EXERCISE PROMPT =>
Print the entries once more, unchanged.

:: SOURCE MATERIAL ::

Lemma irredp_dvdp_root (F L : fieldType) (f : {rmorphism F -> L}) (p q : {poly F}) x :
  irreducible_poly p -> root (map_poly f p) x -> root (map_poly f q) x -> p %| q.
Proof.
move=> p_irr px qx; apply: contraT; rewrite -irreducible_poly_coprime // => pq_coprime.
have := coprimep_root (etrans (coprimep_map f p q) pq_coprime) px.
by rewrite -rootE qx.
Qed.

Lemma irredp_separable (F : realFieldType) (p : {poly F}) :
  irreducible_poly p -> separable_poly p.
Proof.
move=> p_irr; rewrite unlock irreducible_poly_coprime //.
have [p_gt1 _] := p_irr.
have dp_neq0 : p^`() != 0 by rewrite -size_poly_eq0 size_deriv -subn1 subn_eq0 -ltnNge.
by apply: contraTN (lt_size_deriv (irredp_neq0 p_irr)) => /(dvdp_leq dp_neq0); rewrite leqNgt.
Qed.

Lemma irredp_other_root (F : realFieldType) (C : closedFieldType) (f : {rmorphism F -> C})
    (p : {poly F}) x :
  irreducible_poly p -> (2 < size p)%N -> root (map_poly f p) x ->
  exists2 y, root (map_poly f p) y & y != x.
Proof.
move=> p_irr p_gt2 /factor_theorem [q pq].
have q_gt1 : (1 < size q)%N.
  have q_neq0 : q != 0.
    by apply: contraTneq p_gt2 => q0; rewrite -(size_map_poly f) pq q0 mul0r size_poly0.
  by move: p_gt2; rewrite -(size_map_poly f) pq size_mul ?polyXsubC_eq0 // size_XsubC addn2.
have [y qy] := closed_rootP q (negbT (gtn_eqF q_gt1)).
have : separable_poly (q * ('X - x%:P)) by rewrite -pq separable_map irredp_separable.
rewrite separable_root => /andP[_ qx].
exists y; first by rewrite pq rootM qy.
by apply: contraNneq qx => <-.
Qed.

Section ConjugateEmbedding.
Variables (F L L' : fieldType) (iota : {rmorphism F -> L}) (f : {rmorphism F -> L'}).
Variables (p : {poly F}) (z : L) (w : L').
Hypotheses (p_irr : irreducible_poly p) (pz : root (map_poly iota p) z)
  (pw : root (map_poly f p) w).
Local Notation K := (subFExtend iota z p).

(* Independent of the chosen representative: p divides every polynomial
   vanishing at z. *)
Definition conj_eval (x : K) : L' := (map_poly f (sval (cid (subfxE x)))).[w].

Lemma conj_eval_subfx q : conj_eval (subfx_eval iota z p q) = (map_poly f q).[w].
Proof.
rewrite /conj_eval; case: cid => q' /= eqq'.
suff : root (map_poly f (q' - q)) w by rewrite rmorphB rootE hornerD hornerN subr_eq0 => /eqP.
have /dvdpP [r ->] : p %| q' - q.
  apply: (irredp_dvdp_root p_irr pz); rewrite rmorphB rootE hornerD hornerN.
  by rewrite -!(subfx_inj_eval pz (irredp_neq0 p_irr)) eqq' subrr.
by rewrite rmorphM rootM pw orbT.
Qed.

Fact conj_eval_is_zmod_morphism : zmod_morphism conj_eval.
Proof.
move=> x y; have [qx ->] := subfxE x; have [qy ->] := subfxE y.
by rewrite -rmorphB !conj_eval_subfx rmorphB hornerD hornerN.
Qed.

Fact conj_eval_is_monoid_morphism : monoid_morphism conj_eval.
Proof.
split; first by rewrite -(rmorph1 (subfx_eval iota z p)) conj_eval_subfx rmorph1 hornerC.
move=> x y; have [qx ->] := subfxE x; have [qy ->] := subfxE y.
by rewrite -rmorphM !conj_eval_subfx rmorphM hornerM.
Qed.

HB.instance Definition _ := GRing.isZmodMorphism.Build K L' conj_eval
  conj_eval_is_zmod_morphism.
HB.instance Definition _ := GRing.isMonoidMorphism.Build K L' conj_eval
  conj_eval_is_monoid_morphism.

Definition conj_embedding : {rmorphism K -> L'} := conj_eval.

Lemma conj_embedding_root : conj_embedding (subfx_root iota z p) = w.
Proof. by rewrite /= conj_eval_subfx map_polyX hornerX. Qed.

End ConjugateEmbedding.

Lemma size2_root_rat (F : numFieldType) (p : {poly rat}) (x : F) :
  size p = 2 -> root (map_poly ratr p) x -> x = ratr (- p`_0 / p`_1).
Proof.
move=> p2; rewrite rootE horner_coef size_map_poly p2 !big_ord_recl big_ord0 /=.
rewrite !coef_map /= expr0 mulr1 expr1 addr0.
have : lead_coef p != 0 by rewrite lead_coef_eq0 -size_poly_eq0 p2.
rewrite lead_coefE p2 -(fmorph_eq0 (ratr : {rmorphism rat -> F})) => a1 /eqP h.
rewrite fmorph_div rmorphN /= -[x](mulKf a1) -[_ * x](addKr (ratr p`_0)) h addr0.
by rewrite mulrC mulNr.
Qed.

:::

SOLUTION BELOW =>
Lemma irredp_dvdp_root (F L : fieldType) (f : {rmorphism F -> L}) (p q : {poly F}) x :
  irreducible_poly p -> root (map_poly f p) x -> root (map_poly f q) x -> p %| q.
Proof.
move=> p_irr px qx; apply: contraT; rewrite -irreducible_poly_coprime // => pq_coprime.
have := coprimep_root (etrans (coprimep_map f p q) pq_coprime) px.
by rewrite -rootE qx.
Qed.

Lemma irredp_separable (F : realFieldType) (p : {poly F}) :
  irreducible_poly p -> separable_poly p.
Proof.
move=> p_irr; rewrite unlock irreducible_poly_coprime //.
have [p_gt1 _] := p_irr.
have dp_neq0 : p^`() != 0 by rewrite -size_poly_eq0 size_deriv -subn1 subn_eq0 -ltnNge.
by apply: contraTN (lt_size_deriv (irredp_neq0 p_irr)) => /(dvdp_leq dp_neq0); rewrite leqNgt.
Qed.

Lemma irredp_other_root (F : realFieldType) (C : closedFieldType) (f : {rmorphism F -> C})
    (p : {poly F}) x :
  irreducible_poly p -> (2 < size p)%N -> root (map_poly f p) x ->
  exists2 y, root (map_poly f p) y & y != x.
Proof.
move=> p_irr p_gt2 /factor_theorem [q pq].
have q_gt1 : (1 < size q)%N.
  have q_neq0 : q != 0.
    by apply: contraTneq p_gt2 => q0; rewrite -(size_map_poly f) pq q0 mul0r size_poly0.
  by move: p_gt2; rewrite -(size_map_poly f) pq size_mul ?polyXsubC_eq0 // size_XsubC addn2.
have [y qy] := closed_rootP q (negbT (gtn_eqF q_gt1)).
have : separable_poly (q * ('X - x%:P)) by rewrite -pq separable_map irredp_separable.
rewrite separable_root => /andP[_ qx].
exists y; first by rewrite pq rootM qy.
by apply: contraNneq qx => <-.
Qed.

Section ConjugateEmbedding.
Variables (F L L' : fieldType) (iota : {rmorphism F -> L}) (f : {rmorphism F -> L'}).
Variables (p : {poly F}) (z : L) (w : L').
Hypotheses (p_irr : irreducible_poly p) (pz : root (map_poly iota p) z)
  (pw : root (map_poly f p) w).
Local Notation K := (subFExtend iota z p).

(* Independent of the chosen representative: p divides every polynomial
   vanishing at z. *)
Definition conj_eval (x : K) : L' := (map_poly f (sval (cid (subfxE x)))).[w].

Lemma conj_eval_subfx q : conj_eval (subfx_eval iota z p q) = (map_poly f q).[w].
Proof.
rewrite /conj_eval; case: cid => q' /= eqq'.
suff : root (map_poly f (q' - q)) w by rewrite rmorphB rootE hornerD hornerN subr_eq0 => /eqP.
have /dvdpP [r ->] : p %| q' - q.
  apply: (irredp_dvdp_root p_irr pz); rewrite rmorphB rootE hornerD hornerN.
  by rewrite -!(subfx_inj_eval pz (irredp_neq0 p_irr)) eqq' subrr.
by rewrite rmorphM rootM pw orbT.
Qed.

Fact conj_eval_is_zmod_morphism : zmod_morphism conj_eval.
Proof.
move=> x y; have [qx ->] := subfxE x; have [qy ->] := subfxE y.
by rewrite -rmorphB !conj_eval_subfx rmorphB hornerD hornerN.
Qed.

Fact conj_eval_is_monoid_morphism : monoid_morphism conj_eval.
Proof.
split; first by rewrite -(rmorph1 (subfx_eval iota z p)) conj_eval_subfx rmorph1 hornerC.
move=> x y; have [qx ->] := subfxE x; have [qy ->] := subfxE y.
by rewrite -rmorphM !conj_eval_subfx rmorphM hornerM.
Qed.

HB.instance Definition _ := GRing.isZmodMorphism.Build K L' conj_eval
  conj_eval_is_zmod_morphism.
HB.instance Definition _ := GRing.isMonoidMorphism.Build K L' conj_eval
  conj_eval_is_monoid_morphism.

Definition conj_embedding : {rmorphism K -> L'} := conj_eval.

Lemma conj_embedding_root : conj_embedding (subfx_root iota z p) = w.
Proof. by rewrite /= conj_eval_subfx map_polyX hornerX. Qed.

End ConjugateEmbedding.

Lemma size2_root_rat (F : numFieldType) (p : {poly rat}) (x : F) :
  size p = 2 -> root (map_poly ratr p) x -> x = ratr (- p`_0 / p`_1).
Proof.
move=> p2; rewrite rootE horner_coef size_map_poly p2 !big_ord_recl big_ord0 /=.
rewrite !coef_map /= expr0 mulr1 expr1 addr0.
have : lead_coef p != 0 by rewrite lead_coef_eq0 -size_poly_eq0 p2.
rewrite lead_coefE p2 -(fmorph_eq0 (ratr : {rmorphism rat -> F})) => a1 /eqP h.
rewrite fmorph_div rmorphN /= -[x](mulKf a1) -[_ * x](addKr (ratr p`_0)) h addr0.
by rewrite mulrC mulNr.
Qed.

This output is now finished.